Recycling targets – lessons from Scotland and Wales
The news that Wales has hit an overall recycling and composting rate of 56 per cent in 2014/15 with an increase of two per cent from the previous year comes as a welcome corrective to the gloomy news from England, which only managed an increase of 0.6 per cent to 44.8 per cent over the same period.
While it may well be easier to coordinate waste collection and recycling across 22 local authorities as opposed to over 400 in England, the fact remains that the evolving policy landscape underlying both Wales’ and Scotland’s waste management scene is more supportive of sustained higher levels of recycling. What are some of these success factors?

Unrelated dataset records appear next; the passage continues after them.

Lemma cvg_series_string_term L (X : {ffun 'I_L -> 'I_b}) :
  series (fun M => b%:R ^- L * (1 - (strval X)%:R / b%:R ^+ L) ^+ M / n.+1%:R ^+ M.+1)
    @ \oo --> ((n * b ^ L + strval X)%:R : R)^-1.
Proof.
set x : R := (strval X)%:R / b%:R ^+ L.
have x_itv : 0 <= x < 1 by rewrite strval_frac_ge0 ?strval_frac_lt1.
have -> : series (fun M => b%:R ^- L * (1 - x) ^+ M / n.+1%:R ^+ M.+1) =
    (fun N => b%:R ^- L * series (fun M => (1 - x) ^+ M / (n%:R + 1) ^+ M.+1) N).
  by apply/funext => N; rewrite /series /= natr1 big_distrr; apply: eq_bigr => M _; rewrite /= mulrA.
have -> : ((n * b ^ L + strval X)%:R : R)^-1 = b%:R ^- L * (n%:R + x)^-1.
  have bRX_neq0 : (b%:R ^+ L : R) != 0 by rewrite expf_neq0 // pnatr_eq0 -lt0n.
  rewrite /x natrD natrM natrX -[in LHS](divfK bRX_neq0 (strval X)%:R) -mulrDl invfM.
  by rewrite mulrC.
exact: cvgMl_tmp (cvg_series_shifted_geometric nR_gt0 x_itv).
Qed.

Lemma cvg_series_vterm_moments k L :
  series (fun M => vterm R b d k M L / n.+1%:R ^+ M.+1) @ \oo --> prefix_sum k L.
Proof.
have -> : series (fun M => vterm R b d k M L / n.+1%:R ^+ M.+1) =
    (fun N => \sum_(X : {ffun 'I_L -> 'I_b} | strcount d X == k)
       series (fun M => b%:R ^- L * (1 - (strval X)%:R / b%:R ^+ L) ^+ M / n.+1%:R ^+ M.+1) N).
  apply/funext => N; rewrite /series /= exchange_big /=.
  by apply: eq_bigr => M _; rewrite /vterm mulr_suml.
by apply: (cvg_big (@add_continuous R)) => // X _; apply: cvg_series_string_term.
Qed.

Lemma cvg_series_vterm_lengths k M :
  series (fun L => vterm R b d k M L / n.+1%:R ^+ M.+1) @ \oo --> vratio k M.
Proof.
have -> : series (fun L => vterm R b d k M L / n.+1%:R ^+ M.+1) =
    (fun N => series (vterm R b d k M) N / n.+1%:R ^+ M.+1).
  by apply/funext => N; rewrite /series /= mulr_suml.
by rewrite /vratio vE; apply: cvgMr_tmp; apply: is_cvg_vterm_series.
Qed.

Lemma vratio_gt0 k M : 0 < vratio k M.
Proof. by rewrite divr_gt0 ?v_gt0 // exprn_gt0. Qed.

Lemma vratio_le k M :
  vratio k M <= geometric (2 ^+ k * (1 - rho R b)^-1 / n.+1%:R) n.+1%:R^-1 M.
Proof.
rewrite /vratio /= exprVn -[_ / n.+1%:R / _]mulrA -invfM -exprS.
by rewrite ler_wpM2r ?invr_ge0 ?exprn_ge0 // v_le.
Qed.

Let norm_inv_lt1 : `|n.+1%:R^-1 : R| < 1.
Proof. by rewrite ger0_norm ?invr_ge0 // invf_lt1 // ltr1n ltnS. Qed.

Lemma is_cvg_series_vratio k : cvgn (series (vratio k)).
Proof.
apply: (series_le_cvg _ _ (@vratio_le k)) => [M|M|].
- exact/ltW/vratio_gt0.
- by rewrite geometric_ge0 ?mulr_ge0 ?exprn_ge0 ?invr_ge0 // subr_ge0 ltW ?rho_lt1.
- exact: is_cvg_geometric_series.
Qed.

Lemma cvg_series_prefix_sum k : series (prefix_sum k) @ \oo --> limn (series (vratio k)).
Proof.
apply: (@cvg_series_exchange _ (fun L M => vterm R b d k M L / n.+1%:R ^+ M.+1)).
- by move=> L M; rewrite divr_ge0 ?vterm_ge0 ?exprn_ge0.
- exact: cvg_series_vterm_moments.
- exact: cvg_series_vterm_lengths.
- exact: is_cvg_series_vratio.
Qed.

Definition prefix_recip k m : R :=
  if [&& (0 < m)%N, (len b n <= len b m)%N, ld b (len b n) m == n & kcount b d m == k]
  then (m%:R)^-1 else 0.

Lemma prefix_recip_ge0 k m : 0 <= prefix_recip k m.
Proof. by rewrite /prefix_recip; case: ifP. Qed.

Lemma prefix_recip_window k L r : (kcount b d n <= k)%N -> (r < b ^ L)%N ->
  prefix_recip k (n * b ^ L + r) =
  if kcount_low b d L r == (k - kcount b d n)%N then ((n * b ^ L + r)%:R)^-1 else 0.
Proof.
move=> n_le_k r_lt; rewrite /prefix_recip len_window // ld_window // kcount_window // eqxx.
rewrite leq_addr addn_gt0 muln_gt0 n_gt0 expn_gt0 b_gt0 /=.
by congr (if _ then _ else _); apply/eqP/eqP; lia.
Qed.

Lemma prefix_recip_outside k m :
  (forall L, ~~ ((n * b ^ L <= m) && (m < n.+1 * b ^ L)))%N -> prefix_recip k m = 0.
Proof.
move=> m_out; rewrite /prefix_recip; case: ifP => // /and4P[_ _ /eqP/ld_windowE + _].
set L := (len b m - len b n)%N => m_eq.
have r_lt : (m %% b ^ L < b ^ L)%N by rewrite ltn_pmod // expn_gt0 b_gt0.
case/negP: (m_out L); rewrite [X in (_ <= X)%N]m_eq leq_addr /= [X in (X < _)%N]m_eq.
by rewrite mulSn addnC ltn_add2r.
Qed.

Lemma sum_prefix_recip_window k L : (kcount b d n <= k)%N ->
  \sum_(n * b ^ L <= m < n.+1 * b ^ L) prefix_recip k m = prefix_sum (k - kcount b d n)%N L.
Proof.
move=> n_le_k; rewrite -[(n * b ^ L)%N]add0n big_addn mulSn addnK big_mkord.
under eq_bigr => r _ do rewrite addnC prefix_recip_window //.
rewrite (reindex (@strval_ord b b_gt1 L)); last exact/onW_bij/strval_ord_bij.
rewrite /prefix_sum [RHS]big_mkcond; apply: eq_bigr => X _ /=.
by rewrite (strcount_kcount_low b_gt1).
Qed.

Lemma prefix_recip_gap k J m : (n.+1 * b ^ J <= m < n * b ^ J.+1)%N -> prefix_recip k m = 0.
Proof.
move=> /andP[m_ge m_lt]; apply: prefix_recip_outside => L; apply/negP => /andP[L_le L_lt].
case: (leqP L J) => [L_le_J | J_lt_L].
  have : (n.+1 * b ^ L <= n.+1 * b ^ J)%N by rewrite leq_mul2l leq_pexp2l.
  lia.
have : (n * b ^ J.+1 <= n * b ^ L)%N by rewrite leq_mul2l leq_pexp2l ?orbT.
lia.
Qed.

Lemma sum_prefix_recip_upto k J : (kcount b d n <= k)%N ->
  \sum_(0 <= m < n * b ^ J) prefix_recip k m = series (prefix_sum (k - kcount b d n)%N) J.
Proof.
move=> n_le_k; elim: J => [|J IH].
  rewrite expn0 muln1 /series /= [RHS]big_geq // big_nat_cond big1 // => m /andP[/andP[_ m_lt] _].
  apply: prefix_recip_outside => L; apply/negP => /andP[L_le _].
  by have := @leq_pmulr n (b ^ L); rewrite expn_gt0 b_gt0; lia.
have le1 : (n * b ^ J <= n.+1 * b ^ J)%N by rewrite leq_mul2r leqnSn orbT.
have le2 : (n.+1 * b ^ J <= n * b ^ J.+1)%N by rewrite expnS mulnA leq_mul2r mulnC; nia.
rewrite (big_cat_nat (leq0n _) (leq_trans le1 le2)) /= IH.
rewrite (big_cat_nat le1 le2) /= sum_prefix_recip_window //.
rewrite big_nat_cond big1 => [|m /andP[m_in _]]; last exact: prefix_recip_gap m_in.
by rewrite addr0 /series /= big_nat_recr.
Qed.

End PrefixReciprocalSum.

Unset Implicit Arguments.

Firstly, both devolved administrations recognise the benefits of a more harmonised waste collection system. This process has started in Scotland with the drafting of a voluntary agreement between local authorities; we understand England is contemplating a similar initiative. Wales has a more prescriptive collection regime which has a similar effect.
Secondly, both devolved administrations have not only retained the household waste recycling targets that England scrapped in 2011, but have extended them to 2025, giving local authorities a sensible time horizon over which to plan its services and asset requirements.
Finally, the mandatory separate collection of food waste helps reduce contamination levels in dry recyclates, whether separately collected or in co-mingled form. In turn this reduces reject rates and increases the overall efficiency of recycling.
These are among the measures explored in the report At This Rate…, prepared for SUEZ by SLR Consulting and due for release at RWM 2015 in Birmingham on 15 September. Drawing on an international comparison of best practice and underpinned by recycling targets, SLR have assessed the incremental uplift that separate food waste collection, stronger communications programmes, pay-as-you-throw, and allowing certain uses of incinerator bottom ash to count as recycling, could contribute to England’s overall recycling performance. Any one of these measures can add appreciably to England’s performance. Taken together we could raise our recycling rate by at least 12 percentage points.